### [Exercise goal]
Only the lines from the one containing "H (fun o => (X o, Y o)) = H (fun" to the end of the data are wanted; print them exactly as they appear.

[Saved entries]
|---|

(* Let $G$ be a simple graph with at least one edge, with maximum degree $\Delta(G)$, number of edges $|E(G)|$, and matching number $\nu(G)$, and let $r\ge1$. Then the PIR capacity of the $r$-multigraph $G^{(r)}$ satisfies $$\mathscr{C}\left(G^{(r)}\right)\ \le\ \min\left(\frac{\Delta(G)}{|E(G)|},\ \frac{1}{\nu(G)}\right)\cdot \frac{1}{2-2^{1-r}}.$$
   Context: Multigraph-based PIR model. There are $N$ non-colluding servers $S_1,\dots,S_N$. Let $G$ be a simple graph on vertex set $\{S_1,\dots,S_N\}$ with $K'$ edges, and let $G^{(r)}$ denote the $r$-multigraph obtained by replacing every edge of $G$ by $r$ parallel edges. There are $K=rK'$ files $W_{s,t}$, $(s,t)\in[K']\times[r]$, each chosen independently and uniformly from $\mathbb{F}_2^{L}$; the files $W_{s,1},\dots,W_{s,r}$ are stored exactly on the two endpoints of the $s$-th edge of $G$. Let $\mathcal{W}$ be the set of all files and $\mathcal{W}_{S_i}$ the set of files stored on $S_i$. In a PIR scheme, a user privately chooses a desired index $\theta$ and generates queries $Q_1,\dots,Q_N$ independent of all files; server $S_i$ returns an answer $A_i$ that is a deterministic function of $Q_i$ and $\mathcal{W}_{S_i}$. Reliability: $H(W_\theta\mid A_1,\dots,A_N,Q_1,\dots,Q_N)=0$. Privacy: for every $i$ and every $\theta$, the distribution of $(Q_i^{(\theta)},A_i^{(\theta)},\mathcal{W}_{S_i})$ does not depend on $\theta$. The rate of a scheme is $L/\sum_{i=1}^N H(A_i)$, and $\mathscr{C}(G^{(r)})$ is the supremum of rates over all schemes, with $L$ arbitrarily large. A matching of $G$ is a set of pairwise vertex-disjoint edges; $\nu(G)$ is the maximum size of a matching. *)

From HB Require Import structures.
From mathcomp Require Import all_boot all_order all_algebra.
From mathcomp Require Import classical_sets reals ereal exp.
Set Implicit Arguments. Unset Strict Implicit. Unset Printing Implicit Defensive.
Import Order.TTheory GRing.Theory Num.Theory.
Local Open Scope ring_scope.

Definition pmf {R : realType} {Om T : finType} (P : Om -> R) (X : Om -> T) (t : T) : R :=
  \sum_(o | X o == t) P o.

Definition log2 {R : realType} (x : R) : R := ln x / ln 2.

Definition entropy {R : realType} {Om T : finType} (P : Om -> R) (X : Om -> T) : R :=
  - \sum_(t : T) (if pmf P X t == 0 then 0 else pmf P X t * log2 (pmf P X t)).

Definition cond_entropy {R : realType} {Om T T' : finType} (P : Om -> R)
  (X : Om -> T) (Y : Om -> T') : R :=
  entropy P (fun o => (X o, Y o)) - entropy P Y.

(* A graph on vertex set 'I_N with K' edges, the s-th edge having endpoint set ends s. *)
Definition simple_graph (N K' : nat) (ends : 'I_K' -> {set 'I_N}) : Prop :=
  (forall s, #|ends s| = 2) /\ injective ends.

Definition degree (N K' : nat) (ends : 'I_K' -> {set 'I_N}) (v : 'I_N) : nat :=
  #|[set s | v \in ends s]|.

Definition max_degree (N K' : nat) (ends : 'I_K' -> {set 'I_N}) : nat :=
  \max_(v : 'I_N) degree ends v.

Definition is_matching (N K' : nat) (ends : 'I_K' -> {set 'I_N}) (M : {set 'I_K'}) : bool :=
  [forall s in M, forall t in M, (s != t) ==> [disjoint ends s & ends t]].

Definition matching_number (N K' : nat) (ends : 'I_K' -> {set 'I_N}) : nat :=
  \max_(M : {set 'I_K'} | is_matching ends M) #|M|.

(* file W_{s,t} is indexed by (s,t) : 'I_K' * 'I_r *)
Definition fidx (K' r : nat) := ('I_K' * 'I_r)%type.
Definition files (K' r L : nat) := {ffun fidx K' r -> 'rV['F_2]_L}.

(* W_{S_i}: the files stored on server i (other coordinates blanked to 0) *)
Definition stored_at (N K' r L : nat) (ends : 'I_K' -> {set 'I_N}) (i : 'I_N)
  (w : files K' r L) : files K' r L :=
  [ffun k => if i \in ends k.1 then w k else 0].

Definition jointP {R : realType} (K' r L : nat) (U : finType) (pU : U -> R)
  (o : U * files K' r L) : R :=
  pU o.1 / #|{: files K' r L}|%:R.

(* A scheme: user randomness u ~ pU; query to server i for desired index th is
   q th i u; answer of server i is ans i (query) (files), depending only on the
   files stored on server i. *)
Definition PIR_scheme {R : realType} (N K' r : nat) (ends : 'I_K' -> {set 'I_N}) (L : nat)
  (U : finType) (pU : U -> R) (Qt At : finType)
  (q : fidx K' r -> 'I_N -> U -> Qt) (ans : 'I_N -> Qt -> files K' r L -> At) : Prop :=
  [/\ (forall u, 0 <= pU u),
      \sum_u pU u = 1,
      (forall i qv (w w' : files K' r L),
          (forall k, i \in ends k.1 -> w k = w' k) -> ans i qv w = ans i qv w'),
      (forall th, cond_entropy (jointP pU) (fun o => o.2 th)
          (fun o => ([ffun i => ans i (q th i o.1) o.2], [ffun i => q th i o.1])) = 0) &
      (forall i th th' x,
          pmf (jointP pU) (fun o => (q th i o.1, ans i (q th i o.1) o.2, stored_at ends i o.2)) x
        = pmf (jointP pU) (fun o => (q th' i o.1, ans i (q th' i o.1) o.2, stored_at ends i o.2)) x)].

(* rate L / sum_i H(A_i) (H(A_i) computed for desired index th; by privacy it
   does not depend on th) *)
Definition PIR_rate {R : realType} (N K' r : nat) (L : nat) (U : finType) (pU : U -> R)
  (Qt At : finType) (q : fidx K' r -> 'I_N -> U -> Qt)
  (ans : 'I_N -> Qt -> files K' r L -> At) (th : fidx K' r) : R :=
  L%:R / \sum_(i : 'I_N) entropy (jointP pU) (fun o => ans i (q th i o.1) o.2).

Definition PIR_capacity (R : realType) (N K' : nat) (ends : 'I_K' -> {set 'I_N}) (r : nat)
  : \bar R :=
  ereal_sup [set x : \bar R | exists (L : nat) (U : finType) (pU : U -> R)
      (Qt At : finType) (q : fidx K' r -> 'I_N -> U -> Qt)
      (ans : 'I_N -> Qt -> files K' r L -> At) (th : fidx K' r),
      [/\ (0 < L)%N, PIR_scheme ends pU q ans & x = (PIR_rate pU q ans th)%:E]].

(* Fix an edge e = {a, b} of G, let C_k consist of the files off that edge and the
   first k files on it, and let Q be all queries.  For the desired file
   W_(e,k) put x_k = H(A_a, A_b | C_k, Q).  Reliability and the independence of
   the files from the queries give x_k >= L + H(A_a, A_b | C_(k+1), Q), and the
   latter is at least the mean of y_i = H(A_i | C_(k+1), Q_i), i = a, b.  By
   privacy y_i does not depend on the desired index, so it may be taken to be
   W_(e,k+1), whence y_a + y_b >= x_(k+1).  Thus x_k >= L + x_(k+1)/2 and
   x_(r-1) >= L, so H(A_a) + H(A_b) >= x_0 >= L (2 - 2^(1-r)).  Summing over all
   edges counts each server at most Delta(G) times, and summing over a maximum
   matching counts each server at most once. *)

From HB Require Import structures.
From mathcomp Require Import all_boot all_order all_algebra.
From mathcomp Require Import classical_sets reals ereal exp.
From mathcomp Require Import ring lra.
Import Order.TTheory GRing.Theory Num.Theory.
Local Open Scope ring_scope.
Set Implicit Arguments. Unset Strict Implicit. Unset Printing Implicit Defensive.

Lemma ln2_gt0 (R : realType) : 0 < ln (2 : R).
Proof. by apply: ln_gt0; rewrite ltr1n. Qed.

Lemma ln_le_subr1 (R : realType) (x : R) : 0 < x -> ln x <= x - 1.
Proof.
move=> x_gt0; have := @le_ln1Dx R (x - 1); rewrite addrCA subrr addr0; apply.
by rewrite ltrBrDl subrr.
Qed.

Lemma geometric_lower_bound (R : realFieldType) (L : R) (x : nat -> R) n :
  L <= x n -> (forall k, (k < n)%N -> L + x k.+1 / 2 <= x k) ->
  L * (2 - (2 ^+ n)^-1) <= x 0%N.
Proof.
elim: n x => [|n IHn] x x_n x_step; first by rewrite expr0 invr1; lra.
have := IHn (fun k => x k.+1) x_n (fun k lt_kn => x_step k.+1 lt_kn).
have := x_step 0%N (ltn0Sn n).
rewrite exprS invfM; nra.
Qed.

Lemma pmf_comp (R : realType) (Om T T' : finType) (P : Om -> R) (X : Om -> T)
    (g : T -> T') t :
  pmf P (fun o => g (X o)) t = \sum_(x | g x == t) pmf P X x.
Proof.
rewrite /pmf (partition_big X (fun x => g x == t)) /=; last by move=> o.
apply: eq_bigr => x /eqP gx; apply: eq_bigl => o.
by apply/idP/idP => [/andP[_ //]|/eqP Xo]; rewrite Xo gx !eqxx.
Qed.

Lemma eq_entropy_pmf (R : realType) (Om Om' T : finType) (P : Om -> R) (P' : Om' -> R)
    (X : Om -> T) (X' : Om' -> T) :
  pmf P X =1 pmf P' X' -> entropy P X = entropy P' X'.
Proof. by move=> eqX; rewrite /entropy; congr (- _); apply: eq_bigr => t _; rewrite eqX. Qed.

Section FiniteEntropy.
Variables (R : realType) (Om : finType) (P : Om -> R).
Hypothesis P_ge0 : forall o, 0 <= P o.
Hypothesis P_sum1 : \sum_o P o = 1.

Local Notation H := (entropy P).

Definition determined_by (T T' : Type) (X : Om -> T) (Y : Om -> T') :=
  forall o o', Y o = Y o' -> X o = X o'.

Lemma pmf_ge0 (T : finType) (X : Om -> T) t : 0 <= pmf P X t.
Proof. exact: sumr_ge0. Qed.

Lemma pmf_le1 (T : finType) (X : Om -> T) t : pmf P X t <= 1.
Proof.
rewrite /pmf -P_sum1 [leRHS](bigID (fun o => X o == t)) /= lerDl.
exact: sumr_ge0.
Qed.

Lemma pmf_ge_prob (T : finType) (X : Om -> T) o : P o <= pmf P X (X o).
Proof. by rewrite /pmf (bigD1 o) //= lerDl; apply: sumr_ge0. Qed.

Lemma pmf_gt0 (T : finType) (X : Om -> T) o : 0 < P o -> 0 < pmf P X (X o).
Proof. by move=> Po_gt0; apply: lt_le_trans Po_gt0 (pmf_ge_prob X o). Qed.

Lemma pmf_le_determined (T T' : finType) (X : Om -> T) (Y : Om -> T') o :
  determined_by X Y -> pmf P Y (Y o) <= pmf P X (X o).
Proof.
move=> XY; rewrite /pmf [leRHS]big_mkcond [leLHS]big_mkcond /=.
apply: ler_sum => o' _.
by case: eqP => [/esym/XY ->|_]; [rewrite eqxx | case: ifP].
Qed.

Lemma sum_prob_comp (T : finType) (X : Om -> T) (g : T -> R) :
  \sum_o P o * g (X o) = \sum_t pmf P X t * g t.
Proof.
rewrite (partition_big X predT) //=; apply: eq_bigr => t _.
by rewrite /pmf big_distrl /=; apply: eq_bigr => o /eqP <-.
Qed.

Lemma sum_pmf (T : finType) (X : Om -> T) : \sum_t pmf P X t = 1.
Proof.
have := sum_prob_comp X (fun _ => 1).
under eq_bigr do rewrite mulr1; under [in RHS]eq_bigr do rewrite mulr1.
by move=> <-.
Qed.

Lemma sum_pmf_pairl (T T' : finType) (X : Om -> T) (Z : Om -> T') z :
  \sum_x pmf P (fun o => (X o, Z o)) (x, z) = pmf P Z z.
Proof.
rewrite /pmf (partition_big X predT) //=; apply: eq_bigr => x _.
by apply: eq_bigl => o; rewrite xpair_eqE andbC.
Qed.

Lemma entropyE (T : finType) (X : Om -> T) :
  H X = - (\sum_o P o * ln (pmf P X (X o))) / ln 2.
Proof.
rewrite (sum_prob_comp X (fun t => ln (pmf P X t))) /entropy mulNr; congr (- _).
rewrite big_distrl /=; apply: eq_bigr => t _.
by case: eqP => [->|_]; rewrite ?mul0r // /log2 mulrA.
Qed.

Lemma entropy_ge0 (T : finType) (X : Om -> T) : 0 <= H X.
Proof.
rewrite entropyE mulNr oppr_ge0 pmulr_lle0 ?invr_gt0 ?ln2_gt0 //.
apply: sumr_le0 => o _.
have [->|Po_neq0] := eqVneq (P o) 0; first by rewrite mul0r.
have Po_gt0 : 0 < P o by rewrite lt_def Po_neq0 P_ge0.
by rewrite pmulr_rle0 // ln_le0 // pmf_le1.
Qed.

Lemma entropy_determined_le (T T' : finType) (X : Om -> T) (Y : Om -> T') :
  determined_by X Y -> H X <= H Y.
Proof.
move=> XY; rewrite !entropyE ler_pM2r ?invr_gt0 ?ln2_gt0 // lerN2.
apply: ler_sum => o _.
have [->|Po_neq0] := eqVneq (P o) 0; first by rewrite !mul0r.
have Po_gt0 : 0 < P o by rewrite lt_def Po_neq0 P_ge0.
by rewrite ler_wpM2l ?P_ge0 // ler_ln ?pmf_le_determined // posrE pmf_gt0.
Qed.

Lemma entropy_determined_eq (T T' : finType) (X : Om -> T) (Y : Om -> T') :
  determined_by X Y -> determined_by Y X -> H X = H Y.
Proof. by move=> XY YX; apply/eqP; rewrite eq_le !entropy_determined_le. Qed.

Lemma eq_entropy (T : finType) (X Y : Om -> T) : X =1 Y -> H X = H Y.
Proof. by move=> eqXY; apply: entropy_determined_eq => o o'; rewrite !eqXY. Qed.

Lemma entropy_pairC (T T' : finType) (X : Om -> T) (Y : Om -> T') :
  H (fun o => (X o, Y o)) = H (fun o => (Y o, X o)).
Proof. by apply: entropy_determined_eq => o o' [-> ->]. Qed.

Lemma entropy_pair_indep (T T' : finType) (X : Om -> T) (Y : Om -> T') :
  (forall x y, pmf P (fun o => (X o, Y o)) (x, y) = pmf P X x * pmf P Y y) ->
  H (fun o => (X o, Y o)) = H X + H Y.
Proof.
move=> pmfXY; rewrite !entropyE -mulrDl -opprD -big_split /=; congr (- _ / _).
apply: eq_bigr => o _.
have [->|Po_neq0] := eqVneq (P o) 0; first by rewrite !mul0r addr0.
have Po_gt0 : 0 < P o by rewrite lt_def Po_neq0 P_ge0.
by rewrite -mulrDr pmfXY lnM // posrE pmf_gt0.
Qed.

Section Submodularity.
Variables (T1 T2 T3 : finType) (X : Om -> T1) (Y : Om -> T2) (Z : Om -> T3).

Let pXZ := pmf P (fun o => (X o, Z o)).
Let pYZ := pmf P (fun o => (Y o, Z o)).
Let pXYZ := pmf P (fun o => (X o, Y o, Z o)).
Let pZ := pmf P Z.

|---|

### [Task solution]
  H (fun o => (X o, Y o)) = H (fun o => (Y o, X o)).
Proof. by apply: entropy_determined_eq => o o' [-> ->]. Qed.

Lemma entropy_pair_indep (T T' : finType) (X : Om -> T) (Y : Om -> T') :
  (forall x y, pmf P (fun o => (X o, Y o)) (x, y) = pmf P X x * pmf P Y y) ->
  H (fun o => (X o, Y o)) = H X + H Y.
Proof.
move=> pmfXY; rewrite !entropyE -mulrDl -opprD -big_split /=; congr (- _ / _).
apply: eq_bigr => o _.
have [->|Po_neq0] := eqVneq (P o) 0; first by rewrite !mul0r addr0.
have Po_gt0 : 0 < P o by rewrite lt_def Po_neq0 P_ge0.
by rewrite -mulrDr pmfXY lnM // posrE pmf_gt0.
Qed.

Section Submodularity.
Variables (T1 T2 T3 : finType) (X : Om -> T1) (Y : Om -> T2) (Z : Om -> T3).

Let pXZ := pmf P (fun o => (X o, Z o)).
Let pYZ := pmf P (fun o => (Y o, Z o)).
Let pXYZ := pmf P (fun o => (X o, Y o, Z o)).
Let pZ := pmf P Z.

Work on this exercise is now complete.